What a Girl Wants (2003)           3.0
When Harry Met Sally... (1989)     3.0
White House Down (2013)            4.0
Wolf of Wall Street, The (2013)    1.0
Yes Man (2008)                     0.5
Name: 10, Length: 140, dtype: float64

Based on the list, we'll try to use the correlation function to find similar movies to the list. We'll append all the similar movies to a series called suggestions.

In [8]:
suggestions = pd.Series()

for i in range(0, len(sampRatings.index)):
    sim = ratingCorr[sampRatings.index[i]].dropna()
    
    sim = sim.apply(lambda x: x * sampRatings[i])
    
    suggestions = suggestions.append(sim)
    
print()
print('Sorting..')
print()
    
suggestions.sort_values(inplace=True, ascending=False)
suggestions.head(10)

  """Entry point for launching an IPython kernel.



Sorting..



Shrek (2001)                                                 4.500000
Aladdin (1992)                                               4.000000
Lord of the Rings: The Two Towers, The (2002)                4.000000
Gladiator (2000)                                             4.000000
Lord of the Rings: The Fellowship of the Ring, The (2001)    4.000000
Lord of the Rings: The Return of the King, The (2003)        4.000000
Lord of the Rings: The Two Towers, The (2002)                3.549206
Lord of the Rings: The Fellowship of the Ring, The (2001)    3.549206
Forrest Gump (1994)                                          3.500000
Lord of the Rings: The Return of the King, The (2003)        3.399756
dtype: float64

The series suggestions contains all the suggested movie names alongside their a combination of their correlation factor and the user's own ratings. Now, we use groupby function to sum up the correlation numbers of the movies and sort them to figure out the most sugguested movies for the user.

In [9]:
suggestions = suggestions.groupby(suggestions.index).sum()

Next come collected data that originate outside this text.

Definition Qnet (f : lat -> point) : Prop :=
  forall (u : lat) (i j : 'I_m), i != j ->
    planar_nondeg (f u) (f (u + ev i)) (f (u + ev i + ev j)) (f (u + ev j)).

Definition parallel (a b : point) : Prop := exists c : R, a = c *: b \/ b = c *: a.

Definition dual_quad (A B C D Ast Bst Cst Dst : point) : Prop :=
  [/\ parallel (Bst - Ast) (B - A), parallel (Cst - Bst) (C - B),
      parallel (Dst - Cst) (D - C) & parallel (Ast - Dst) (A - D)] /\
  (parallel (Cst - Ast) (D - B) /\ parallel (Dst - Bst) (C - A)).

Definition Koenigs (f : lat -> point) : Prop :=
  exists fs : lat -> point, Qnet fs /\
    forall (u : lat) (i j : 'I_m), i != j ->
      dual_quad (f u) (f (u + ev i)) (f (u + ev i + ev j)) (f (u + ev j))
                (fs u) (fs (u + ev i)) (fs (u + ev i + ev j)) (fs (u + ev j)).

(* Directed edges of the black/white graphs: a step (i, j, s, t) with i != j
   moves x to x + (+-e_i) + (+-e_j) (sign + iff the boolean is true). *)
Definition step := ('I_m * 'I_m * bool * bool)%type.
Definition sgv (b : bool) (i : 'I_m) : lat := if b then ev i else - ev i.
Definition disp (d : step) : lat :=
  let: (i, j, s, t) := d in sgv s i + sgv t j.
Definition valid_step (d : step) : bool :=
  let: (i, j, _, _) := d in i != j.
(* Consider hopped iterated learning in the Gaussian setting with prior $N(\bar\mu,\bar\sigma^2)$, likelihood $N(h,\sigma^2)$, and initial teacher distribution $N(\mu_0,\sigma_0^2)$, where $\mu_0\neq\bar\mu$. For every constant $c>0$ there is a constant $B_c$ depending only on $c$ such that for any $0<\varepsilon<|\mu_0-\bar\mu|$, the sample size sequence $$m_t=B_c\frac{|\mu_0-\bar\mu|}{\varepsilon}\Bigl(\frac{\sigma}{\bar\sigma}\Bigr)^2(1+\log t)^{1+c}$$ makes hopped iterated learning $\varepsilon$-self-sustaining, i.e., $|\mathbb E\mu_t-\mu_0|\le\varepsilon$ for all $t$ and $\sigma_t^2+\operatorname{Var}\mu_t$ remains bounded over all $t$.
   Context: Gaussian setting: hypotheses $h\in\mathbb R$; every learner has prior $N(\bar\mu,\bar\sigma^2)$; data generated from $h$ is $h+\phi$ with $\phi\sim N(0,\sigma^2)$. Learner $0$ is the original teacher with posterior $N(\mu_0,\sigma_0^2)$ ($\mu_0$ deterministic). Write $\tau=1/\sigma^2$, $\bar\tau=1/\bar\sigma^2$, $\beta_t=m_t\tau/(\bar\tau+m_t\tau)$. Hopped learning: learner $t\ge1$ picks a teacher $s$ uniformly at random from $\{0,1,\dots,t-1\}$ (indicator $\chi_{t,s}$), independently of everything else, and receives data $d_{t,s,1},\dots,d_{t,s,m_t}$ from teacher $s$; these are mutually independent, each distributed as $N(\mathbb E\mu_s,\operatorname{Var}\mu_s+\sigma_s^2+\sigma^2)$, and data for different teachers are independent. The learner's posterior is $N(\mu_t,\sigma_t^2)$ with $\mu_t=\frac{\beta_t}{m_t}\sum_{s=0}^{t-1}\chi_{t,s}\sum_{i=1}^{m_t}d_{t,s,i}+(1-\beta_t)\bar\mu$ and $1/\sigma_t^2=\bar\tau+m_t\tau$. The logarithm may be taken to any fixed base greater than $1$ (the base only affects $B_c$). *)

From HB Require Import structures.
From mathcomp Require Import all_boot all_order all_algebra.
From mathcomp Require Import all_classical all_reals.
From mathcomp Require Import exp.
Set Implicit Arguments. Unset Strict Implicit. Unset Printing Implicit Defensive.
Import Order.TTheory GRing.Theory Num.Theory.
Local Open Scope ring_scope.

suggestions.sort_values(inplace=True, ascending=False)
suggestions.head(10)

Lord of the Rings: The Fellowship of the Ring, The (2001)    11.051295
Lord of the Rings: The Two Towers, The (2002)                10.835218
Lord of the Rings: The Return of the King, The (2003)        10.685768
Shrek (2001)                                                  4.500000
Aladdin (1992)                                                4.000000
Gladiator (2000)                                              4.000000
Forrest Gump (1994)                                           3.811147
Matrix, The (1999)                                            3.273499
Fight Club (1999)                                             1.910394
Pulp Fiction (1994)                                           1.706536
dtype: float64

Now, we see that the system has suggested movies based on correlated movies related to the movies rated by the user.